Certainly I have written code like that before now.

But of course, a variable of type integer, or any other type for that matter, can only hold a certain range of numbers. If you want to know what this range is, it is defined as macros in the standard header file limits.h for the integral types and float.h for the floating types.

So sooner or later, depending on what is in the array a, the variable sum_a will overflow. That is, the sum of the elements added up so far will be too big to be held in sum_a. If you are lucky, the computer will stop your program and tell you this. More likely, it will merely store an incorrect answer and another famous "computer error" is born.

This may happen far sooner than you think. Assuming a 16-bit signed integer, and that the first two entries in the array are both over 16383, sum_a will be incorrectly set after only the first two entries of a have been summed. This is not very much if the things being summed are entries, in pence, in a bank account.

The first attempt to fix the problem with sum_1 might be to change the type of sum_a from int to long int. And because a long int can hold a far larger number than a simple int, the sum is less likely to overflow. There is a performance penalty to be paid for this in terms of a longer run time (yes, probably if a 16-bit int is the native type for the hardware, but not likely otherwise- Francis), but that is a small price for ensuring you get the right answer, and may even be nothing for some of the bigger microprocessors now around.
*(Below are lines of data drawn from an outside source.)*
Lemma racah_term_connection j k : (j <= n)%N ->
  racah_term j * connection_coef p%:R j k =
  racah_weight n al j * (bin_shift j k)%:R * ((-1) ^+ k / poch (- p%:R) k).
Proof.
move=> lejn; rewrite /racah_term /connection_coef.
have [out|] := boolP ((k < j)%N || (j + j < k)%N).
  by rewrite bin_shift_eq0 // !(mulr0, mul0r).
rewrite negb_or -!leqNgt => /andP[lejk lek2j].
have p_neq0 : poch (- p%:R : R) k != 0 by apply: poch_opp_nat_neq0; lia.
have q_neq0 : poch (p%:R + 1 - (2 * j)%:R : R) (2 * j - k) != 0.
  have -> : p%:R + 1 - (2 * j)%:R = (p - 2 * j).+1%:R :> R.
    by rewrite -natr1 natrB; [ring | lia].
  exact: poch_nat_neq0.
have a_neq0 := poch_al1_neq0 al1_neq0 j; have f_neq0 := natr_fact_neq0 R j.
have four_neq0 : (4 : R) != 0 by rewrite pnatr_eq0.
rewrite /racah_weight (poch_half_pair _ (k := k)); last by lia.
have -> : (-4) ^+ j = (-1) ^+ j * 4 ^+ j :> R by rewrite -exprMn mulN1r.
rewrite -[(-1) ^+ k]signr_odd.
by case: (odd k); rewrite ?expr0 ?expr1; field;
  rewrite p_neq0 f_neq0 a_neq0 q_neq0 expf_neq0.
Qed.

Lemma racah_coef_sum_widen k : (k <= 2 * n)%N ->
  \sum_(j < n.+1) racah_weight n al j * (bin_shift j k)%:R = racah_coef_sum n al k.
Proof.
move=> lek; pose F j := racah_weight n al j * (bin_shift j k)%:R.
rewrite /racah_coef_sum (@big_ord_widen_eq0 _ F n.+1 (2 * n).+1); first last.
- by move=> j /andP[ltnj _]; rewrite /F /racah_weight poch_opp_nat_eq0 // !mul0r.
- by lia.
rewrite (@big_ord_widen_eq0 _ F k.+1 (2 * n).+1) //.
by move=> j /andP[ltkj _]; rewrite /F bin_shift_eq0 ?ltkj // mulr0.
Qed.

Lemma hahn_hypF_expand (y : R) :
  hypF [:: - (2 * n)%:R; (2 * n)%:R + 2 * al + 1; - y] [:: al + 1; - p%:R] 1 (2 * n) =
  \sum_(k < (2 * n).+1) hahn_coef n al k * ((-1) ^+ k / poch (- p%:R) k) * poch (- y) k.
Proof.
rewrite /hypF; apply: eq_bigr => k _.
have p_neq0 : poch (- p%:R : R) k != 0.
  by apply: poch_opp_nat_neq0; have := ltn_ord k; lia.
have a_neq0 := poch_al1_neq0 al1_neq0 k; have f_neq0 := natr_fact_neq0 R k.
rewrite !big_cons !big_nil expr1n !mulr1 /hahn_coef -signr_odd.
by case: (odd k); rewrite ?expr0 ?expr1; field; rewrite p_neq0 f_neq0 a_neq0.
Qed.

Lemma racah_hypF_expand (y : R) :
  hypF [:: - n%:R; n%:R + al + 2^-1; - y; y - p%:R]
       [:: al + 1; - p%:R / 2; (- p%:R + 1) / 2] 1 n =
  \sum_(k < (2 * n).+1)
    racah_coef_sum n al k * ((-1) ^+ k / poch (- p%:R) k) * poch (- y) k.
Proof.
transitivity (\sum_(j < n.+1) \sum_(k < (2 * n).+1)
               racah_term j * connection_coef p%:R j k * poch (- y) k).
  apply: eq_bigr => j _; rewrite /racah_term !big_cons !big_nil expr1n !mulr1.
  have -> : forall a b c d e f g : R, a * (b * (c * d)) / (e * (f * g)) / j`!%:R =
      (a * b / (e * (f * g)) / j`!%:R) * (c * d) by move=> *; ring.
  rewrite (poch_opp_mul_sub _ _ (K := (2 * n).+1)); last by have := ltn_ord j; lia.
  by rewrite mulr_sumr; apply: eq_bigr => k _; exact: mulrA.
rewrite exchange_big; apply: eq_bigr => k _ /=.
have lek : (k <= 2 * n)%N by rewrite -ltnS.
rewrite -racah_coef_sum_widen // !mulr_suml; apply: eq_bigr => j _.
by rewrite racah_term_connection // -ltnS.
Qed.

End HypergeometricExpansions.

Theorem mainTheorem15 (C : numClosedFieldType) (M n : nat) (alpha x : C) :
  (1 <= M)%N ->
  (n <= uphalf M)%N ->
  (forall k : nat, alpha + 1 != - (k%:R)) ->
  let N : C := M%:R / 2 in
  hypF [:: - (2 * n)%:R; (2 * n)%:R + 2 * alpha + 1; - x - N - 2^-1]
       [:: alpha + 1; - 2 * N - 1] 1 (2 * n)
  =
  hypF [:: - n%:R; n%:R + alpha + 2^-1; - x - N - 2^-1; x - N - 2^-1]
       [:: alpha + 1; - N - 2^-1; - N] 1 n.
Proof.
(* M = 0 would also do: then n = 0 and both sides equal 1. *)
move=> _ len alpha_ok N.
have al1_neq0 (i : nat) : alpha + 1 + i%:R != 0 by rewrite addr_eq0.
have le2n : (2 * n <= M.+1)%N by lia.
have two_neq0 : (2 : C) != 0 by rewrite pnatr_eq0.
set y := x + N + 2^-1.
have -> : - x - N - 2^-1 = - y by rewrite /y; ring.
have -> : x - N - 2^-1 = y - M.+1%:R by rewrite /y /N; field.
have -> : - 2 * N - 1 = - M.+1%:R by rewrite /N; field.
have -> : - N - 2^-1 = - M.+1%:R / 2 by rewrite /N; field.
have -> : - N = (- M.+1%:R + 1) / 2 by rewrite /N; field.
rewrite hahn_hypF_expand // racah_hypF_expand //.
by apply: eq_bigr => k _; rewrite racah_coef_sum_hahn.
Qed.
What this has done is to introduce some extra bits into the sum which guard against the overflow. If an overflow of a 16-bit add were to occur, there is somewhere for the computer hardware to safely record this fact without having to potentially return an incorrect answer.

Now a long int also has a limit to the largest number it can correctly hold. Assuming 32-bit long int, that limit is 65536 times bigger than the limit of a 16-bit int. This means that if the values in a are all as big as they can possibly be, at 32767, the length of a must be 65539 or more before any overflow can occur.

Of course, if the values in a are smaller, a proportionally longer array can be summed before there is a problem. And if positive and negative values occur with equal probabilities, you can expect that it will take about 65539 squared times as long before an overflow occurs. That is over four thousand million times longer, so is extremely unlikely to happen.

But now what happens if the type of the array a is itself a long int? sum_a is already a long int, so you are back to the original situation: after summing just two entries you might have an integer overflow to contend with.

To circumvent the problem this time, you cannot make sum_a a long long int because the C Standard does not provide such a type (it didn't, but as of 1999 it does, but that only moves the problem up a level). Now there is no real reason why an enterprising compiler author could not implement a long long int. But if you were to use it you might subsequently find that only his old, extremely expensive, compiler would build your code, and then not for the new microprocessor you wanted to use.

Using a floating type (i.e. float, double, long double) is not really the way to add up a long list of integers, even if the latter two types will generally give a greater accuracy than a long int.

So what are you to do?

By thinking about the sort of numbers you have to sum you can decide what is going to go wrong. Then you can chose between several careful ploys (i.e., tricks) to postpone the problem as long as possible, hopefully to the point where the sum has been found before any overflow occurs. Knowing where the numbers came from will help do this. This may sound a bit like needing to know the answer before you can find the answer, but life is like that.

Try Biasing the Array

If the numbers are all roughly the same (and what "roughly" means is all relative), you might try subtracting an estimate of the mean (or average) from all the numbers before you sum them. Then, of course, the total of the numbers is the sum of the numbers after the mean has been subtracted plus the product of that mean and len_a. Now if the original sum is too big for an int, so too will be that final calculation. So both the estimated mean and the sum of the biased numbers must be returned to the caller.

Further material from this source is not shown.